The NHS IT Programme - Coalition to continue roll-out of Summary Care Records

The Coalition Government has recently announced that, contrary to indications by both the Conservative and Liberal Democrat parties prior to the General Election; it plans to proceed with the implementation of the Summary Care Records database which recently began in England.

The Summary Care Records system is part of the national broadband network linking NHS sites which will provide the structure for access to electronic health records of all NHS patients.  Certain patient information is uploaded to a central database where it will be accessible by hospital staff, GPs and other health professionals involved in patient care.  Patients are entitled to opt out of the scheme.  The Summary Care Records database is intended to help healthcare professionals make faster and more appropriate clinical decisions by providing them with access to a central record of patients’ medical information, e.g. details regarding patients’ drug history, allergies and adverse reactions to drugs.  Such information is particularly valuable in emergencies. 

The system has many potential benefits, however the scheme has led to fears that patients’ personal data will be accessible too widely and could be misused or lost, infringing patients’ privacy and rights under data protection legislation.  There are also fears that the Summary Care Records database includes omissions and inaccuracies, making it difficult for health professionals to have confidence in it as a comprehensive and reliable source of information.

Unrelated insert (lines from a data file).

(* Robust ex-post stability does not imply ex-ante stability: there exist a set $N$ of $n$ agents and a set $O$ of $n$ objects with strict preferences $\succ_i$ over $O$ ($i\in N$) and strict priorities $\succ_o$ over $N$ ($o\in O$), and a random matching $p$, such that $p$ is robust ex-post stable but not ex-ante stable.
   Context: A random matching is an $n\times n$ bistochastic matrix $p=[p(i,o)]_{i\in N,o\in O}$ (nonnegative entries, every row and every column summing to $1$); it is deterministic if all entries lie in $\{0,1\}$. A decomposition of $p$ is a representation $p=\sum_{j=1}^k\lambda_jP_j$ with $P_j$ deterministic matchings, $\lambda_j\in(0,1]$, $\sum_j\lambda_j=1$. A deterministic matching $p$ is stable if there exist no $i,j\in N$, $o,o'\in O$ with $p(i,o')=1$, $p(j,o)=1$, $o\succ_i o'$, $i\succ_o j$. A random matching $p$ is ex-ante stable if there exist no $i,j\in N$, $o,o'\in O$ with $p(i,o')>0$, $p(j,o)>0$, $o\succ_i o'$, $i\succ_o j$; it is robust ex-post stable if every decomposition of $p$ consists only of stable deterministic matchings. *)

From mathcomp Require Import all_boot all_order all_algebra.
From mathcomp Require Import Rstruct.
From Stdlib Require Import Reals.
Set Implicit Arguments. Unset Strict Implicit. Unset Printing Implicit Defensive.
Import Order.TTheory GRing.Theory Num.Theory.
Local Open Scope ring_scope.

Definition strict_order (T : finType) (r : rel T) : Prop :=
  (forall x, ~~ r x x) /\
  (forall x y z, r x y -> r y z -> r x z) /\
  (forall x y, x != y -> r x y || r y x).

(* a random matching: bistochastic n x n real matrix p(i,o) *)
Definition bistochastic (n : nat) (p : 'M[R]_n) : Prop :=
  (forall i o, 0 <= p i o) /\
  (forall i, \sum_(o < n) p i o = 1) /\
  (forall o, \sum_(i < n) p i o = 1).

Definition deterministic (n : nat) (p : 'M[R]_n) : Prop :=
  bistochastic p /\ (forall i o, p i o = 0 \/ p i o = 1).

(* pref i o o' : o is strictly preferred to o' by agent i;
   prio o i j : i has strictly higher priority than j at object o *)
Definition stable_det (n : nat) (pref : 'I_n -> rel 'I_n)
  (prio : 'I_n -> rel 'I_n) (p : 'M[R]_n) : Prop :=
  ~ exists i j o o', [/\ p i o' = 1, p j o = 1, pref i o o' & prio o i j].

Definition ex_ante_stable (n : nat) (pref : 'I_n -> rel 'I_n)
  (prio : 'I_n -> rel 'I_n) (p : 'M[R]_n) : Prop :=
  ~ exists i j o o', [/\ 0 < p i o', 0 < p j o, pref i o o' & prio o i j].

Definition decomposition (n : nat) (p : 'M[R]_n) (k : nat)
  (lam : 'I_k -> R) (P : 'I_k -> 'M[R]_n) : Prop :=
  (forall j, deterministic (P j)) /\
  (forall j, 0 < lam j <= 1) /\
  (\sum_(j < k) lam j = 1) /\
  (p = \sum_(j < k) lam j *: P j).

Definition robust_ex_post_stable (n : nat) (pref : 'I_n -> rel 'I_n)
  (prio : 'I_n -> rel 'I_n) (p : 'M[R]_n) : Prop :=
  forall (k : nat) (lam : 'I_k -> R) (P : 'I_k -> 'M[R]_n),
    decomposition p lam P -> forall j, stable_det pref prio (P j).

(* Three agents and three objects; p gives agent i the objects i and i+1 (mod 3) with
   probability 1/2 each.  Every component of a decomposition of p is a deterministic
   matching supported by p, and a blocking pair of such a matching is an ex-ante blocking
   pair of p.  With the preferences and priorities below, p has exactly one: agent 2, who
   holds object 0, prefers object 1, and has priority at object 1 over agent 1, who holds
   part of it.  But a matching supported by p that gives object 0 to agent 2 must give
   object 2 to agent 1, so it never gives object 1 to agent 1. *)
From mathcomp Require Import all_boot all_order all_algebra.
From mathcomp Require Import Rstruct.
From Stdlib Require Import Reals.
From mathcomp Require Import lra.
Set Implicit Arguments. Unset Strict Implicit. Unset Printing Implicit Defensive.
Import Order.TTheory GRing.Theory Num.Theory.
Local Open Scope ring_scope.

Definition rank_rel (T : eqType) (l : seq T) : rel T :=
  fun x y => (index x l < index y l)%nat.

Lemma rank_rel_strict_order (T : finType) (l : seq T) :
  (forall x, x \in l) -> strict_order (rank_rel l).
Proof.
move=> inl; split; first by move=> x; rewrite /rank_rel ltnn.
split; first by move=> x y z; apply: ltn_trans.
move=> x y; apply: contraR; rewrite /rank_rel -neq_ltn negbK => /eqP eq_index.
by apply/eqP; apply: (index_inj x (inl x) (inl y)).
Qed.

Lemma decomposition_mass n k (p : 'M[R]_n) (lam : 'I_k -> R) (P : 'I_k -> 'M[R]_n)
    j i o :
  decomposition p lam P -> P j i o = 1 -> 0 < p i o.
Proof.
case=> [detP [lam_bd [_ ->]]] Pjio; rewrite summxE (bigD1 j) //= mxE Pjio mulr1.
have [lam_gt0 _] := andP (lam_bd j).
rewrite ltr_wpDr // sumr_ge0 // => l _; rewrite mxE mulr_ge0 //.
  by have [/ltW] := andP (lam_bd l).
by have [[P_ge0 _] _] := detP l.
Qed.

Lemma robust_ex_post_stable_supported n (pref prio : 'I_n -> rel 'I_n) (p : 'M[R]_n) :
  (forall Q : 'M[R]_n, deterministic Q -> (forall i o, Q i o = 1 -> 0 < p i o) ->
     stable_det pref prio Q) ->
  robust_ex_post_stable pref prio p.
Proof.
move=> stable_supp k lam P decP j; have [detP _] := decP.
by apply: stable_supp (detP j) _ => i o /(decomposition_mass decP).
Qed.

Definition O0 : 'I_3 := @Ordinal 3 0 isT.
Definition O1 : 'I_3 := @Ordinal 3 1 isT.
Definition O2 : 'I_3 := @Ordinal 3 2 isT.

Lemma ord3P (x : 'I_3) : [\/ x = O0, x = O1 | x = O2].
Proof.
case: x => [[|[|[|m]]] lt_m3] //.
- by apply: Or31; apply: val_inj.
- by apply: Or32; apply: val_inj.
- by apply: Or33; apply: val_inj.
Qed.

Lemma sum3 (F : 'I_3 -> R) : \sum_(i < 3) F i = F O0 + F O1 + F O2.
Proof.
by rewrite !big_ord_recr big_ord0 /= add0r; congr (F _ + F _ + F _); apply: val_inj.
Qed.

Definition pref_list (i : 'I_3) : seq 'I_3 :=
  if i == O2 then [:: O2; O1; O0] else [:: O0; O1; O2].

Definition prio_list (o : 'I_3) : seq 'I_3 :=
  match nat_of_ord o with
  | 0 => [:: O2; O0; O1]
  | 1 => [:: O0; O2; O1]
  | _ => [:: O0; O1; O2]
  end.

Definition pref3 (i : 'I_3) : rel 'I_3 := rank_rel (pref_list i).
Definition prio3 (o : 'I_3) : rel 'I_3 := rank_rel (prio_list o).

Definition half_cycle : 'M[R]_3 :=
  \matrix_(i, o) if o \in [:: i; ordS i] then 2^-1 else 0.

Lemma half_cycle_gt0 i o : (0 < half_cycle i o) = (o \in [:: i; ordS i]).
Proof. by rewrite mxE; case: ifP; rewrite ?ltxx // invr_gt0 ltr0n. Qed.

Lemma half_cycle_bistochastic : bistochastic half_cycle.
Proof.
split=> [i o|]; first by rewrite mxE; case: ifP; rewrite // invr_ge0 ler0n.
by split=> [i|o]; rewrite sum3 !mxE; [case: (ord3P i) | case: (ord3P o)] => -> /=; lra.
Qed.

Lemma half_cycle_ex_ante_block i j o o' :
  [/\ 0 < half_cycle i o', 0 < half_cycle j o, pref3 i o o' & prio3 o i j] ->
  [/\ i = O2, j = O1, o = O1 & o' = O0].
Proof.
rewrite !half_cycle_gt0.
by case: (ord3P i) => ->; case: (ord3P j) => ->; case: (ord3P o) => ->;
  case: (ord3P o') => -> [].
Qed.

Lemma half_cycle_supported_stable Q :
  deterministic Q -> (forall i o, Q i o = 1 -> 0 < half_cycle i o) ->
  stable_det pref3 prio3 Q.
Proof.
move=> [[Q_ge0 [rowQ colQ]] Q01] Qsupp [i [j [o [o' [Qio' Qjo pref_o prio_o]]]]].
have [Ei Ej Eo Eo'] := half_cycle_ex_ante_block
  (And4 (Qsupp _ _ Qio') (Qsupp _ _ Qjo) pref_o prio_o).
subst i j o o'.
have Q02 : Q O0 O2 = 0.
  by case: (Q01 O0 O2) => // /Qsupp; rewrite half_cycle_gt0.
(* Row 1 forces Q 1 2 = 0, column 2 then forces Q 2 2 = 1, which overfills row 2. *)
have := rowQ O1; have := rowQ O2; have := colQ O2; rewrite !sum3.
have := Q_ge0 O1 O0; have := Q_ge0 O1 O2; have := Q_ge0 O2 O1.
lra.
Qed.

Theorem proposition4 :
  exists (n : nat) (pref : 'I_n -> rel 'I_n) (prio : 'I_n -> rel 'I_n)
         (p : 'M[R]_n),
    (forall i, strict_order (pref i)) /\
    (forall o, strict_order (prio o)) /\
    bistochastic p /\
    robust_ex_post_stable pref prio p /\
    ~ ex_ante_stable pref prio p.
Proof.
exists 3%N, pref3, prio3, half_cycle.
split; [|split; [|split; [|split]]].
- move=> i; apply: rank_rel_strict_order => x.
  by case: (ord3P i) => ->; case: (ord3P x) => ->.
- move=> o; apply: rank_rel_strict_order => x.
  by case: (ord3P o) => ->; case: (ord3P x) => ->.
- exact: half_cycle_bistochastic.
- exact: robust_ex_post_stable_supported half_cycle_supported_stable.
- by apply; exists O2, O1, O1, O0; rewrite !half_cycle_gt0.
Qed.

In a move that has dismayed privacy campaigners, the Government will continue to roll-out the database despite promising that centralisation of NHS medical records would be stopped.  Simon Burns, Minister for Health, suggested in a parliamentary answer published on 3 June that Summary Care Records are here to stay, albeit subject to a number of caveats.  In answer to the question of whether it would become Government policy to end uploading of medical data to the database, Mr Burns replied as follows:

“Uploading of information to the summary care record will continue to take place, where the relevant general practitioner (GP) practices and primary care trusts (PCTs) agree that patients have been adequately informed about the process, and properly enabled to opt out should they wish, and where GP practices and PCTs are satisfied that data are of an appropriate quality for sharing.”

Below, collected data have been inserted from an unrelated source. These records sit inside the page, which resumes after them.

(* [(a_1, ..., a_k, x)_v] lies in the radical of [x R_P ∩ R] when all [a_i ∈ P]:
   adjoin the [a_i] one at a time, clearing each with [minimal_prime_radical]. *)
Lemma minimal_prime_vop g y : all_in g P ->
  vop S (isum (Defs.span S g) (principal S x)) y ->
  exists s n, [/\ S s, ~ P s & principal S x (s * y ^+ n)].
Proof.
elim: g y => [|a g IH] y hg hy.
  exists 1, 1%N; split; [exact: S1 | exact: minimal_prime_1 | rewrite mul1r expr1].
  by apply: vop_principal hx0 _; apply: vop_mono hy => z [_ [b [/span_nil -> xb ->]]]; rewrite add0r.
move/all_in_cons: hg => [Pa hg].
have Sa := minimal_prime_sub Pa.
pose B := isum (Defs.span S g) (principal S x).
have hB : is_submod S B by apply: isum_submod; [exact: span_submod | exact: principal_submod].
have BS z : B z -> S z.
  move=> [c [d [cg dx ->]]]; apply: SD (principal_subS hxS dx).
  by apply: span_subS cg; apply: all_in_mono hg; apply: minimal_prime_sub.
have hya : vop S (adjoin B a) y.
  apply: vop_mono hy => _ [_ [d [/span_cons [r [c [Sr cg ->]]] dx ->]]].
  by exists (c + d), r; split; [exists c, d | | rewrite -addrA addrC].
have [s [n [Ss Ps xs]]] := minimal_prime_radical Pa.
have xs1 : principal S x (s * a ^+ n.+1).
  by rewrite exprS mulrCA; apply: (submodZ (principal_submod x)) xs.
have hvB : vop S B (s * y ^+ n.+1).
  apply: (vop_scale _ (vop_adjoinX hB BS Sa hya)) => _ [m [r [Bm Sr ->]]].
  rewrite mulrDr mulrCA; apply: (submodD hB); first exact: (submodZ hB) Ss Bm.
  exists 0, (r * (s * a ^+ n.+1)); split; [exact: submod0 (span_submod _) | | by rewrite add0r].
  exact: (submodZ (principal_submod x)) Sr xs1.
have [s' [N [Ss' Ps' xs']]] := IH _ hg hvB.
exists (s' * s ^+ N), (n.+1 * N)%N; split.
- by apply: SM => //; apply: SX.
- by apply: minimal_prime_compl_mulr_closed => //; [apply: SX | apply: minimal_prime_complX].
- by move: xs'; rewrite exprMn exprM mulrA.
Qed.

Lemma minimal_prime_t_ideal : is_t_ideal S P.
Proof.
split; first exact: minimal_prime_ideal.
move=> y; split; last exact: top_ext.
move=> [g [hg hv]].
have Sy : S y by apply: vop_subS hv; apply: span_subS; apply: all_in_mono hg; apply: minimal_prime_sub.
have hv' : vop S (isum (Defs.span S g) (principal S x)) y.
  apply: vop_mono hv => z hz; exists z, 0; split => //; last by rewrite addr0.
  exact: submod0 (principal_submod x).
have [s [n [Ss Ps /principal_minimal_prime]]] := minimal_prime_vop hg hv'.
case/minimal_prime_prime => [||/Ps []|Pyn]; [exact: Ss | exact: SX |].
by apply: NNPP => Py; apply: minimal_prime_complX Sy Py Pyn.
Qed.

Definition xloc : K -> Prop := fun y => S y /\ exists r, localize S P r /\ y = x * r.

Lemma xloc_submod : is_submod S xloc.
Proof.
have hPloc := localize_submod minimal_prime_0 minimal_prime_1 minimal_prime_compl_mulr_closed.
split.
- by split; [exact: S0 | exists 0; split; [exact: submod0 hPloc | rewrite mulr0]].
- move=> y z [Sy [r [lr ey]]] [Sz [t [lt ez]]]; split; first exact: SD Sy Sz.
  by exists (r + t); split; [exact: submodD hPloc lr lt | rewrite ey ez mulrDr].
- move=> r y Sr [Sy [t [lt ey]]]; split; first exact: SM Sr Sy.
  exists (r * t); split; last by rewrite ey mulrCA.
  apply: localize_mul minimal_prime_0 minimal_prime_compl_mulr_closed _ lt.
  exact: localize_S minimal_prime_1 Sr.
Qed.

Lemma xloc_sub y : xloc y -> S y. Proof. by case. Qed.

Lemma xloc_x : xloc x.
Proof. by split => //; exists 1; split; [exact: localize_S minimal_prime_1 S1 | rewrite mulr1]. Qed.

Lemma xloc_intro y a s : S y -> S a -> S s -> ~ P s -> s * y = x * a -> xloc y.
Proof.
move=> Sy Sa Ss Ps e; split => //; exists (a / s); split; first by exists a, s.
have s0 := compl_neq0 minimal_prime_0 Ps.
by apply: (mulfI s0); rewrite e; field.
Qed.

Lemma xloc_elim y : xloc y -> exists a s, [/\ S a, S s, ~ P s & s * y = x * a].
Proof.
move=> [Sy [r [[a [s [Sa Ss Ps ->]]] ->]]]; exists a, s; split => //.
by field; apply: compl_neq0 minimal_prime_0 Ps.
Qed.

Lemma xloc_minimal_prime y : xloc y -> P y.
Proof.
move=> hy; have [a [s [Sa Ss Ps e]]] := xloc_elim hy.
have : P (s * y) by rewrite e; apply: submodZr minimal_prime_ideal.1 Sa minimal_prime_x.
by case/(minimal_prime_prime Ss (xloc_sub hy)).
Qed.

(* Some generator of a [J] with [J_v = R] lies outside the $t$-ideal [P],
   and it serves as the extra denominator. *)
Lemma xloc_w_closed : seteq (wop S xloc) xloc.
Proof.
move=> y; split; last exact: wop_ext xloc_submod.
move=> [g [hg [hv hc]]].
have v1 := (hv 1).2 S1.
have Sy : S y.
  by rewrite -[y]mul1r; apply: v1 => b /hc; rewrite mulrC; apply: xloc_sub.
have [i hi Pi] : exists2 i, (i < size g)%N & ~ P g`_i.
  apply: NNPP => h; apply/minimal_prime_1/(t_ideal_vop minimal_prime_t_ideal _ v1) => i hi.
  by apply: NNPP => Pi; apply: h; exists i.
have Sgi : S g`_i by apply: hg.
have [a [s [Sa Ss Ps e]]] := xloc_elim (hc _ (span_nth hi)).
apply: (xloc_intro Sy Sa (SM Ss Sgi) (minimal_prime_compl_mulr_closed Ss Sgi Ps Pi)).
by rewrite -e mulrAC mulrA.
Qed.

Lemma iprod_S_xloc y : iprod S xloc y -> xloc y.
Proof. by apply: iprod_min xloc_submod _ => a b Sa Ib; apply: submodZ xloc_submod Sa Ib. Qed.

Lemma xloc_iprod_S y : xloc y -> iprod S xloc y.
Proof. by move=> Iy; rewrite -[y]mul1r; apply: iprod_1 S1 Iy. Qed.

Lemma xloc2_submod : is_submod S (ipow S xloc 2).
Proof. exact: iprod_submod xloc_submod. Qed.

Lemma xloc2_min C y : is_submod S C -> (forall u v, xloc u -> xloc v -> C (u * v)) ->
  ipow S xloc 2 y -> C y.
Proof. by move=> hC hp; apply: iprod_min hC _ => a b /iprod_S_xloc Ia Ib; apply: hp. Qed.

Lemma xloc2_mul u v : xloc u -> xloc v -> ipow S xloc 2 (u * v).
Proof. by move=> Iu Iv; apply: iprod_1 (xloc_iprod_S Iu) Iv. Qed.

Lemma xloc2_sub_xloc y : ipow S xloc 2 y -> xloc y.
Proof.
by apply: xloc2_min xloc_submod _ => u v Iu Iv; apply: submodZ xloc_submod (xloc_sub Iu) Iv.
Qed.

Lemma xloc2_mulr z a : ipow S xloc 2 z -> xloc a -> ipow S xloc 2 (z * a).
Proof.
move=> hz Ia; pose C z := ipow S xloc 2 (z * a).
have hC : is_submod S C.
  split; first by rewrite /C mul0r; exact: submod0 xloc2_submod.
    by move=> y1 y2 h1 h2; rewrite /C mulrDl; apply: submodD xloc2_submod h1 h2.
  by move=> r y Sr hy; rewrite /C -mulrA; apply: submodZ xloc2_submod Sr hy.
apply: xloc2_min hC _ hz => u v Iu Iv; rewrite /C -mulrA; apply: xloc2_mul Iu _.
exact: submodZr xloc_submod (xloc_sub Ia) Iv.
Qed.

Definition xloc_red : K -> Prop := isum (principal S x) (ipow S xloc 2).

Lemma xloc_red_ideal : is_ideal S xloc_red.
Proof.
split; first exact: isum_submod (principal_submod x) xloc2_submod.
move=> _ [a [b [xa /xloc2_sub_xloc Ib ->]]].
exact: SD (principal_subS hxS xa) (xloc_sub Ib).
Qed.

Lemma xloc_red_sub y : xloc_red y -> xloc y.
Proof.
move=> [_ [b [[r [Sr ->]] /xloc2_sub_xloc Ib ->]]].
exact: submodD xloc_submod (submodZr xloc_submod Sr xloc_x) Ib.
Qed.

Lemma xloc_red_x y : principal S x y -> xloc_red y.
Proof. by move=> xy; exists y, 0; split => //; [exact: submod0 xloc2_submod | rewrite addr0]. Qed.

Lemma xloc2_xloc_red y : ipow S xloc 2 y -> xloc_red y.
Proof.
by move=> hy; exists 0, y; split => //; [exact: submod0 (principal_submod x) | rewrite add0r].
Qed.

Lemma xloc_red_xloc_sub y : iprod xloc_red (ipow S xloc 1) y -> ipow S xloc 2 y.
Proof.
apply: iprod_min xloc2_submod _ => _ a [c [z [[r [Sr ->]] Iz ->]]] /iprod_S_xloc Ia.
rewrite mulrDl; apply: submodD xloc2_submod _ (xloc2_mulr Iz Ia).
exact/xloc2_mul/Ia/(submodZr xloc_submod Sr xloc_x).
Qed.

Hypothesis hPv : PvMD S.

Section MaximalTAboveXloc.
Variable M : K -> Prop.
Hypotheses (hM : is_max_t_ideal S M) (IM : forall z, xloc z -> M z).

(* [R_M] is a valuation ring, and [(x/s)^-1 ∈ R_M] would put some [d ∉ M] in [I]. *)
Lemma xloc_max_t_div s : S s -> ~ P s -> localize S M (x / s).
Proof.
move=> Ss Ps; have [//|[c [d [Sc Sd Md e]]]] := max_t_ideal_valuation (x / s) hPv hM.
have s0 := compl_neq0 minimal_prime_0 Ps.
have d0 := compl_neq0 (max_t_ideal_0 hM) Md.
case: Md; apply/IM/(xloc_intro Sd Sc Ss Ps).
have : (x / s)^-1 * d = c / d * d by rewrite e.
by rewrite mulfVK // invf_div => <-; field.
Qed.

Lemma xloc_mul_div_x u v : xloc u -> xloc v -> localize S M (u * v / x).
Proof.
move=> Iu Iv.
have [a [s [Sa Ss Ps eu]]] := xloc_elim Iu.
have [b [t [Sb St Pt ev]]] := xloc_elim Iv.
have s0 := compl_neq0 minimal_prime_0 Ps; have t0 := compl_neq0 minimal_prime_0 Pt.
have -> : u * v / x = x / (s * t) * (a * b).
  have -> : u = x * a / s by rewrite -eu; field.
  have -> : v = x * b / t by rewrite -ev; field.
  by field; rewrite s0 t0 hx0.
apply: localize_mul (max_t_ideal_0 hM) (max_t_ideal_compl_mulr_closed hM) _ _.
  exact: xloc_max_t_div (SM Ss St) (minimal_prime_compl_mulr_closed Ss St Ps Pt).
by apply: localize_S (SM Sa Sb); case: hM.
Qed.

Lemma xloc2_div_x z : ipow S xloc 2 z -> localize S M (z / x).
Proof.
have [_ M1 _] := hM.
have hMloc := localize_submod (max_t_ideal_0 hM) M1 (max_t_ideal_compl_mulr_closed hM).
pose C z := localize S M (z / x).
have hC : is_submod S C.
  split; first by rewrite /C mul0r; exact: submod0 hMloc.
    by move=> y1 y2 h1 h2; rewrite /C mulrDl; apply: submodD hMloc h1 h2.
  by move=> r y Sr h; rewrite /C -mulrA; apply: submodZ hMloc Sr h.
exact: xloc2_min hC xloc_mul_div_x.
Qed.

End MaximalTAboveXloc.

The British Medical Association (“BMA”) feels that the Summary Care Record system is imperfect and its implementation has been rushed.  On 9 June, the Chairman of the British Medical Association GPs Committee advocated the review of two NPfIT (National Programme for IT) schemes – Choose and Book and the Summary Care Record. 

In a speech to the Local Medical Committees Conference, Dr Lawrence Buckman highlighted the dangers of compromising patient care in a bid to save money in the delivery of healthcare and called for a review of what he referred to as the “the current wrongly consented version of the Summary Care Record.”

Although it seems likely that the Summary Care Record system will survive, the exact form that it will take is currently unclear.  In any event, Summary Care Records are likely to continue to prove controversial in the short term.